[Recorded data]
(* Let $\widehat{\mathcal T}_\bullet$ be an arbitrary hierarchical mesh on $\widehat\Omega$. Then $\{\widehat\beta\in\widehat{\mathcal H}_\bullet:\widehat\beta|_{\partial\widehat\Omega}=0\}$ is a basis of $\widehat{\mathcal X}_\bullet:=\{\widehat V\in{\rm span}\,\widehat{\mathcal H}_\bullet:\widehat V|_{\partial\widehat\Omega}=0\}$.
   Context: Parameter domain $\widehat\Omega=(0,1)^d$, $d\ge2$. Fix degrees $p_1,\dots,p_d\ge1$. For each $i$ let $\widehat{\mathcal K}^0_i=(t^0_{i,j})_{j=0}^{N^0_i+p_i}$ be a nondecreasing vector in $[0,1]$ whose first $p_i+1$ entries are $0$, last $p_i+1$ entries are $1$, and whose interior knots have multiplicity $\le p_i$. $\widehat{\mathcal K}^{k+1}_i$ arises from $\widehat{\mathcal K}^k_i$ by inserting the midpoint of every nondegenerate knot span once. $\widehat{\mathcal B}^k$ denotes the tensor-product B-splines of degree $(p_1,\dots,p_d)$ for $\widehat{\mathcal K}^k$, and $\widehat{\mathcal T}^k$ the closed cells of level $k$. A hierarchical mesh is given by closed sets $[0,1]^d=\widehat\Omega^0_\bullet\supseteq\widehat\Omega^1_\bullet\supseteq\cdots$, each $\widehat\Omega^k_\bullet$ ($k\ge1$) a union of cells of $\widehat{\mathcal T}^{k-1}$, with $\widehat\Omega^M_\bullet=\emptyset$ for some $M$; its hierarchical basis is $\widehat{\mathcal H}_\bullet=\bigcup_k\{\widehat\beta\in\widehat{\mathcal B}^k:{\rm supp}\,\widehat\beta\subseteq\widehat\Omega^k_\bullet,\ {\rm supp}\,\widehat\beta\not\subseteq\widehat\Omega^{k+1}_\bullet\}$ (a linearly independent set). *)

From HB Require Import structures.
From mathcomp Require Import all_boot all_order all_algebra.
Set Implicit Arguments. Unset Strict Implicit. Unset Printing Implicit Defensive.
Import Order.TTheory GRing.Theory Num.Theory.
Local Open Scope ring_scope.

Section HB_Defs.
Variable R : realFieldType.

Fixpoint refine_knots (s : seq R) : seq R :=
  match s with
  | a :: ((b :: _) as s') =>
      if a < b then a :: (a + b) / 2%:R :: refine_knots s' else a :: refine_knots s'
  | _ => s
  end.
Lemma pow4_series_fact_le (k : nat) :
  (4 <= k)%nat -> 24 * exp 1 ^ 3 <= INR k -> 30 * ln (INR k) <= INR k ->
  pow4_series (fun i => INR (fact (i + 4))) (k - 4) (probe k) <= 6 * exp 1 / INR k ^ 2.
Proof.
  intros Hk Hk3 Hln.
  set (kr := INR k) in *. set (r := exp (- / 4)).
  pose proof (exp_pos 1).
  assert (Hkr : 4 <= kr) by (unfold kr; replace 4 with (INR 4) by (simpl; lra); apply le_INR, Hk).
  assert (Hr : 0 <= r <= 4 / 5) by (split; [apply Rlt_le, exp_pos | apply exp_neg_quarter_le]).
  set (a4 := 24 * (exp 1 / kr) ^ 4).
  assert (Ha4 : 0 <= a4) by (apply Rmult_le_pos; [lra | apply pow_le; apply Rdiv_le_0_compat; lra]).
  assert (Hek : 0 <= exp 1 / kr ^ 2) by (apply Rdiv_le_0_compat; [lra | apply pow_lt; lra]).
  apply Rle_trans with (sum_f_R0 (fun i => exp 1 / kr ^ 2 * r ^ ((k - 4) - i) + a4) (k - 4)).
  { apply sum_Rle. intros i Hi. replace ((k - 4) - i)%nat with (k - (i + 4))%nat by lia.
    apply fact_probe_pow_le; [lia | exact Hln]. }
  rewrite sum_plus, sum_cte.
  replace (sum_f_R0 (fun i => exp 1 / kr ^ 2 * r ^ (k - 4 - i)) (k - 4))
    with (exp 1 / kr ^ 2 * sum_f_R0 (fun i => r ^ (k - 4 - i)) (k - 4))
    by (rewrite scal_sum; apply sum_eq; intros; ring).
  assert (Hgeom : sum_f_R0 (fun i => r ^ (k - 4 - i)) (k - 4) <= 5).
  { apply Rle_trans with (/ (1 - r)); [apply sum_pow_rev_le; lra|].
    replace 5 with (/ (1 - 4 / 5)) by field. apply Rinv_le_contravar; lra. }
  assert (Hcount : a4 * INR (S (k - 4)) <= exp 1 / kr ^ 2).
  { assert (INR (S (k - 4)) <= kr) by (apply le_INR; lia).
    apply Rle_trans with (a4 * kr); [apply Rmult_le_compat_l; lra|].
    unfold a4. replace (24 * (exp 1 / kr) ^ 4 * kr) with (24 * exp 1 ^ 3 / kr * (exp 1 / kr ^ 2))
      by (field; lra).
    rewrite <- (Rmult_1_l (exp 1 / kr ^ 2)) at 2. apply Rmult_le_compat_r; [lra|].
    apply Rmult_le_reg_r with kr; [lra|].
    replace (24 * exp 1 ^ 3 / kr * kr) with (24 * exp 1 ^ 3) by (field; lra). lra. }
  assert (exp 1 / kr ^ 2 * sum_f_R0 (fun i => r ^ (k - 4 - i)) (k - 4) <= exp 1 / kr ^ 2 * 5)
    by (apply Rmult_le_compat_l; lra).
  replace (6 * exp 1 / kr ^ 2) with (exp 1 / kr ^ 2 * 5 + exp 1 / kr ^ 2) by (field; lra).
  lra.
Qed.
Lemma increasing_chain_full (T : finType) (A : nat -> {set T}) :
  A 0 != set0 -> (forall j, A j \subset A j.+1) ->
  (forall j, A j != setT -> #|A j| < #|A j.+1|) -> A #|T|.-1 = setT.
Proof.
move=> A0 sub grow.
have lb j : minn j.+1 #|T| <= #|A j|.
  elim: j => [|j IH]; first by move: A0; rewrite -card_gt0; lia.
  have [full|notfull] := eqVneq (A j) setT.
    have := subset_leq_card (sub j); rewrite full cardsT; lia.
  have := grow j notfull; lia.
have T0 : 0 < #|T| by apply: leq_trans (max_card (A 0)); rewrite card_gt0.
apply/eqP; rewrite eqEcard subsetT cardsT /=.
by have := lb #|T|.-1; rewrite prednK // minnn.
Qed.

Section SetMin.
Variables (d : Order.disp_t) (W : finOrderType d).

Lemma foldr_min_mem (h : W) (s : seq W) : foldr Order.min h s \in h :: s.
Proof.
elim: s => [|a s IH] /=; first by rewrite inE.
rewrite minEle; case: ifP => _; first by rewrite !inE eqxx orbT.
by move: IH; rewrite !inE => /orP[->|->]; rewrite ?orbT.
Qed.

Lemma foldr_min_le (h : W) (s : seq W) y :
  y \in h :: s -> (foldr Order.min h s <= y)%O.
Proof.
elim: s y => [|a s IH] y /=; first by rewrite inE => /eqP ->.
rewrite ge_min !inE => /or3P[/eqP->|/eqP->|yin].
- by apply/orP; right; apply: IH; rewrite inE eqxx.
- by rewrite lexx.
- by apply/orP; right; apply: IH; rewrite inE yin orbT.
Qed.

Lemma set_min_mem (dflt : W) (B : {set W}) : B != set0 -> set_min dflt B \in B.
Proof.
rewrite /set_min => /set0Pn [y yB].
have: y \in enum B by rewrite mem_enum.
case E: (enum B) => [|h t] // _.
by rewrite -mem_enum E foldr_min_mem.
Qed.

Lemma set_min_le (dflt : W) (B : {set W}) y : y \in B -> (set_min dflt B <= y)%O.
Proof. by rewrite /set_min -mem_enum; case: (enum B) => [|h t] //; apply: foldr_min_le. Qed.

End SetMin.

Section LocalRule.
Variables (d : Order.disp_t) (W : finOrderType d) (P : finType) (e : rel P).
Implicit Types (c : config W P) (u v w : P).

Lemma local_rule_add c u : Nset e c u != set0 ->
  local_rule e c u = ((c u).1 :|: Nset e c u, (c u).2).
Proof. by rewrite /local_rule => ->. Qed.

Lemma local_rule_collapse c u : Nset e c u = set0 ->
  local_rule e c u = ([set set_min (c u).2 (Bset e c u)], set_min (c u).2 (Bset e c u)).
Proof. by rewrite /local_rule => ->; rewrite eqxx. Qed.

Lemma Nset_neighbour c u a : a \in Nset e c u ->
  exists v, [/\ e u v, (c v).2 = a & a \notin (c u).1].
Proof. by rewrite inE => /existsP[v /and3P[? /eqP ? ?]]; exists v. Qed.

Lemma Bset_neighbour c u a : a \in Bset e c u -> exists2 v, e u v & (c v).2 = a.
Proof. by rewrite inE => /existsP[v /and3P[? /eqP ? _]]; exists v. Qed.

Lemma neighbour_word_in_Bset c u v : Nset e c u = set0 -> e u v -> (c v).2 \in Bset e c u.
Proof.
move=> N0 euv; have : (c v).2 \notin Nset e c u by rewrite N0 inE.
rewrite !inE => /existsPn /(_ v); rewrite euv eqxx /= negbK => mem_v.
by apply/existsP; exists v; rewrite euv eqxx mem_v.
Qed.

(* Every neighbour's word is in [B_u] once [N_u] is empty, so the collapse adopts the least
   word heard from a neighbour. *)
Lemma collapse_word c u v0 : Nset e c u = set0 -> e u v0 ->
  exists v, [/\ e u v, (local_rule e c u).2 = (c v).2
              & forall w, e u w -> ((c v).2 <= (c w).2)%O].
Proof.
move=> N0 euv0; rewrite local_rule_collapse //=.
have /set_min_mem : Bset e c u != set0.
  by apply/set0Pn; exists (c v0).2; exact: neighbour_word_in_Bset.
move=> /(_ (c u).2) /Bset_neighbour[v euv word_v].
by exists v; split=> // w euw; rewrite word_v; apply/set_min_le/neighbour_word_in_Bset.
Qed.

Lemma local_rule_word c u v0 : e u v0 ->
  (local_rule e c u).2 = (c u).2 \/ exists2 v, e u v & (local_rule e c u).2 = (c v).2.
Proof.
move=> euv0; have [N0|NN] := eqVneq (Nset e c u) set0; last by left; rewrite local_rule_add.
by have [v [euv -> _]] := collapse_word N0 euv0; right; exists v.
Qed.
(* [rem u k] is the fractional remainder of [u] after its first [k] mixed-radix digits. *)
Fixpoint rem (u : R) (k : nat) : R :=
  match k with
  | O => u
  | S k' => mR (S k') * rem u k' - INR (nfloor (mR (S k') * rem u k'))
  end.

(* The Lüroth digit sequence coding [u]: [s_k] plus the [k]-th mixed-radix digit of [u]. *)
Definition udig (u : R) (k : nat) : nat := (s k + nfloor (mR k * rem u (Nat.pred k)))%nat.

Fixpoint base (dg : nat -> nat) (n : nat) : R :=
  match n with
  | O => 0
  | S n' => base dg n' + (INR (dg (S n')) - INR (s (S n'))) * mu (S n')
  end.

(* Size bounds for radices and cell widths; [mu n <= 1/(s_1...s_n)] since [mu n Mn n = 1]. *)
Lemma mR_ge (k : nat) : (1 <= k)%nat -> INR (s k) <= mR k /\ 4 <= mR k.
Proof.
  intros Hk. pose proof (hs4 k Hk). unfold mR.
  split; [apply le_INR; nia|]. replace 4 with (INR 4) by (simpl; lra). apply le_INR. nia.
Qed.

Lemma mu_pos (k : nat) : 0 < mu k.
Proof.
  induction k; simpl; [lra|].
  apply Rdiv_lt_0_compat; auto. pose proof (mR_ge (S k) ltac:(lia)). lra.
Qed.

Lemma mu_Mn (n : nat) : mu n * INR (Mn n) = 1.
Proof.
  induction n; simpl mu; simpl Mn; [simpl; lra|].
  rewrite mult_INR. pose proof (mR_ge (S n) ltac:(lia)). unfold mR in *.
  replace (mu n / INR ((N - 1) * s (S n)) * (INR (Mn n) * INR ((N - 1) * s (S n))))
    with (mu n * INR (Mn n)) by (field; lra). auto.
Qed.

Lemma mu_le_inv_prod (n : nat) : mu n <= / prod_s s n.
Proof.
  pose proof (mu_Mn n) as Hm. rewrite Mn_INR in Hm. pose proof N_ge2. pose proof (prod_s_ge1 n).
  assert (1 <= (INR N - 1)^n) by (apply pow_R1_Rle; lra).
  pose proof (mu_pos n).
  apply (Rmult_le_reg_r (prod_s s n)); [lra|]. rewrite Rinv_l by lra. nra.
Qed.

Lemma mu_small (n : nat) : mu n <= / (INR n + 1).
Proof.
  induction n; simpl mu; [simpl; lra|].
  pose proof (mR_ge (S n) ltac:(lia)). pose proof (mu_pos n). pose proof (pos_INR n). rewrite S_INR.
  apply Rle_trans with (mu n / 4); [apply Rmult_le_compat_l; [lra | apply Rinv_le_contravar; lra]|].
  apply Rle_trans with (/ (INR n + 1) / 4); [apply Rmult_le_compat_r; lra|].
  apply (Rmult_le_reg_r (4 * (INR n + 1) * (INR n + 1 + 1))); [nra|]. field_simplify; nra.
Qed.

Lemma rem_range (u : R) (k : nat) : 0 <= u < 1 -> 0 <= rem u k < 1.
Proof.
  intros Hu; induction k; simpl; auto.
  pose proof (mR_ge (S k) ltac:(lia)).
  destruct (nfloor_spec (mR (S k) * rem u k)) as [A B]; [nra|]. lra.
Qed.

Lemma udig_range (u : R) (k : nat) : 0 <= u < 1 -> (1 <= k)%nat ->
  (s k <= udig u k)%nat /\ (udig u k <= N * s k - 1)%nat.
Proof.
  intros Hu Hk. unfold udig. split; [lia|].
  destruct k as [|k]; [lia|]. simpl Nat.pred.
  pose proof (rem_range u k Hu) as [R1 R2]. pose proof (mR_ge (S k) ltac:(lia)).
  destruct (nfloor_spec (mR (S k) * rem u k)) as [A B]; [nra|].
  assert (INR (nfloor (mR (S k) * rem u k)) < INR ((N - 1) * s (S k))) by (unfold mR in *; nra).
  apply INR_lt in H0. pose proof (hs4 (S k) ltac:(lia)). nia.
Qed.

Lemma base_decomp (u : R) (n : nat) : u = base (udig u) n + rem u n * mu n.
Proof.
  induction n; simpl; [ring|].
  rewrite IHn at 1. unfold udig. simpl Nat.pred. rewrite plus_INR.
  pose proof (mR_ge (S n) ltac:(lia)). field. lra.
Qed.

Lemma base_ext (dg1 dg2 : nat -> nat) (n : nat) : (forall k, (1 <= k <= n)%nat -> dg1 k = dg2 k) ->
  base dg1 n = base dg2 n.
Proof.
  induction n; intros H; simpl; auto.
  rewrite IHn by (intros; apply H; lia). rewrite (H (S n)) by lia. reflexivity.
Qed.

Definition codes (u x : R) : Prop := forall k, luroth_a1 (Liter k x) = udig u (S k).

Lemma code_exists (u : R) : 0 <= u < 1 -> exists x, Ein x /\ codes u x.
Proof.
  intros Hu. destruct (realize (udig u)) as [x [Hx Hdx]].
  { intros k Hk. destruct (udig_range u k Hu Hk) as [A _]. pose proof (hs4 k Hk). lia. }
  exists x. split; auto. split; auto. intros n Hn. destruct n as [|k]; [lia|].
  rewrite digit_S, Hdx. apply udig_range; auto; lia.
Qed.

(* The Lüroth digits of [x], indexed from [1]. *)
Definition digits (x : R) : nat -> nat := fun k => luroth_a1 (Liter (Nat.pred k) x).

(** ** Lower bound, part 2: a set of small diameter sees a short interval of codes *)

(* [G k = (N^k s_1...s_k)^{-2}] bounds rank-[k] cylinder lengths in [E] from below. *)
Definition G (k : nat) : R := / (INR N ^ k * prod_s s k) ^ 2.

Lemma G_pos (k : nat) : 0 < G k.
Proof.
  unfold G. apply Rinv_0_lt_compat. pose proof (prod_s_ge1 k). pose proof N_ge2.
  assert (0 < INR N ^ k) by (apply pow_lt; lra). apply pow_lt. nra.
Qed.

Lemma G_S (k : nat) : G (S k) = G k / (INR N * INR (s (S k)))^2.
Proof.
  unfold G. simpl prod_s. simpl pow.
  pose proof (prod_s_ge1 k). pose proof N_ge2. assert (0 < INR N ^ k) by (apply pow_lt; lra).
  pose proof (s_ge4 (S k) ltac:(lia)). field. repeat split; lra.
Qed.

Lemma G_decr (k k' : nat) : (k <= k')%nat -> G k' <= G k.
Proof.
  intros Hk. induction Hk; [lra|]. rewrite G_S. apply Rle_trans with (2 := IHHk).
  pose proof (G_pos m). pose proof N_ge2. pose proof (s_ge4 (S m) ltac:(lia)).
  assert (1 <= INR N * INR (s (S m))) by nra.
  assert (1 <= (INR N * INR (s (S m))) ^ 2) by (simpl; nra).
  apply (Rmult_le_reg_r ((INR N * INR (s (S m)))^2)); [lra|].
  replace (G m / (INR N * INR (s (S m))) ^ 2 * (INR N * INR (s (S m))) ^ 2) with (G m)
    by (field; nra). nra.
Qed.

Lemma G_S_le (x : R) (n : nat) : Ein x -> G (S n) <= cyl_len x n / (INR N * INR (s (S n)))^2.
Proof.
  intros HE. rewrite G_S. destruct (cyl_len_bounds x n HE) as [_ B2].
  pose proof N_ge2. pose proof (s_ge4 (S n) ltac:(lia)).
  unfold Rdiv. apply Rmult_le_compat_r; [apply Rlt_le, Rinv_0_lt_compat, pow_lt; nra|].
  unfold G. pose proof (prod_s_ge1 n). assert (0 < INR N ^ n) by (apply pow_lt; lra).
  assert (0 < (INR N ^ n * prod_s s n) ^ 2) by (apply pow_lt; nra).
  apply (Rmult_le_reg_r ((INR N ^ n * prod_s s n) ^ 2)); auto. rewrite Rinv_l by lra. lra.
Qed.

(* Level [n] has slack for exponent [t]: [(N^n s_1...s_n)^(2t) s_(n+1)^t <= s_1...s_n]. *)
Definition dim_slack (t : R) (n : nat) : Prop :=
  t * ln (INR (s (S n))) + 2 * t * (INR n * ln (INR N) + ln (prod_s s n)) <= ln (prod_s s n).
Lemma pcontinuous_min f g : pcontinuous f -> pcontinuous g ->
  pcontinuous (fun z => Rmin (f z) (g z)).
Proof.
  intros Hf Hg z e He. destruct (pcontinuous_common_radius f g z e Hf Hg He) as [r [Hr H]].
  exists r. split; auto. intros w Hw. destruct (H w Hw) as [H1 H2].
  apply Rabs_def2 in H1. apply Rabs_def2 in H2. apply Rabs_def1;
    unfold Rmin; destruct (Rle_dec (f w) (g w)); destruct (Rle_dec (f z) (g z)); lra.
Qed.

Lemma pcontinuous_lt f z c : pcontinuous f -> f z < c -> nbhd (fun w => f w < c) z.
Proof.
  intros Hf Hz. destruct (Hf z (c - f z)) as [r [Hr H]]; [lra |].
  exists r. split; auto. intros w Hw. specialize (H w Hw). apply Rabs_def2 in H. lra.
Qed.

Lemma pcontinuous_gt f z c : pcontinuous f -> c < f z -> nbhd (fun w => c < f w) z.
Proof.
  intros Hf Hz. destruct (Hf z (f z - c)) as [r [Hr H]]; [lra |].
  exists r. split; auto. intros w Hw. specialize (H w Hw). apply Rabs_def2 in H. lra.
Qed.

End PseudoContinuity.

Lemma pcontinuous_weaken (X : Type) (d1 d2 : X -> X -> R) f :
  (forall x y, d2 x y <= d1 x y) -> pcontinuous d2 f -> pcontinuous d1 f.
Proof.
  intros Hle Hf z e He. destruct (Hf z e He) as [r [Hr H]].
  exists r. split; auto. intros w Hw. apply H. pose proof (Hle z w). lra.
Qed.

Lemma agree_le n m x y : (m <= n)%nat -> agree n x y -> agree m x y.
Proof. intros Hmn H i Hi. apply H. lia. Qed.

Lemma agree_sym n x y : agree n x y -> agree n y x.
Proof. intros H i Hi. symmetry. auto. Qed.

Lemma agree_trans n x y z : agree n x y -> agree n y z -> agree n x z.
Proof. intros H1 H2 i Hi. rewrite H1, H2; auto. Qed.

Lemma agree_chain_limit (n : nat -> nat) (z : nat -> Cantor) :
  (forall j, (j <= n j)%nat) -> (forall j, (n j <= n (S j))%nat) ->
  (forall j, agree (n j) (z j) (z (S j))) ->
  forall j, agree (n j) (z j) (fun i => z (S i) i).
Proof.
  intros Hn Hmono Hz.
  assert (Hle : forall j k, (j <= k)%nat -> (n j <= n k)%nat).
  { intros j k Hjk. induction Hjk; auto. specialize (Hmono m). lia. }
  assert (Hchain : forall j k, (j <= k)%nat -> agree (n j) (z j) (z k)).
  { intros j k Hjk. induction Hjk. intros i _; reflexivity.
    apply agree_trans with (z m); auto. apply agree_le with (n m); auto. }
  intros j i Hi. destruct (le_lt_dec (S i) j) as [H | H].
  - symmetry. apply (Hchain (S i) j H). specialize (Hn (S i)). lia.
  - apply (Hchain j (S i)); [lia | exact Hi].
Qed.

§ **WHAT THE EXERCISE ASKS**
Looking at the records above, say how many lines hold the string "notfull". Write nothing but the number.

§ **RESPONSE BELOW**
2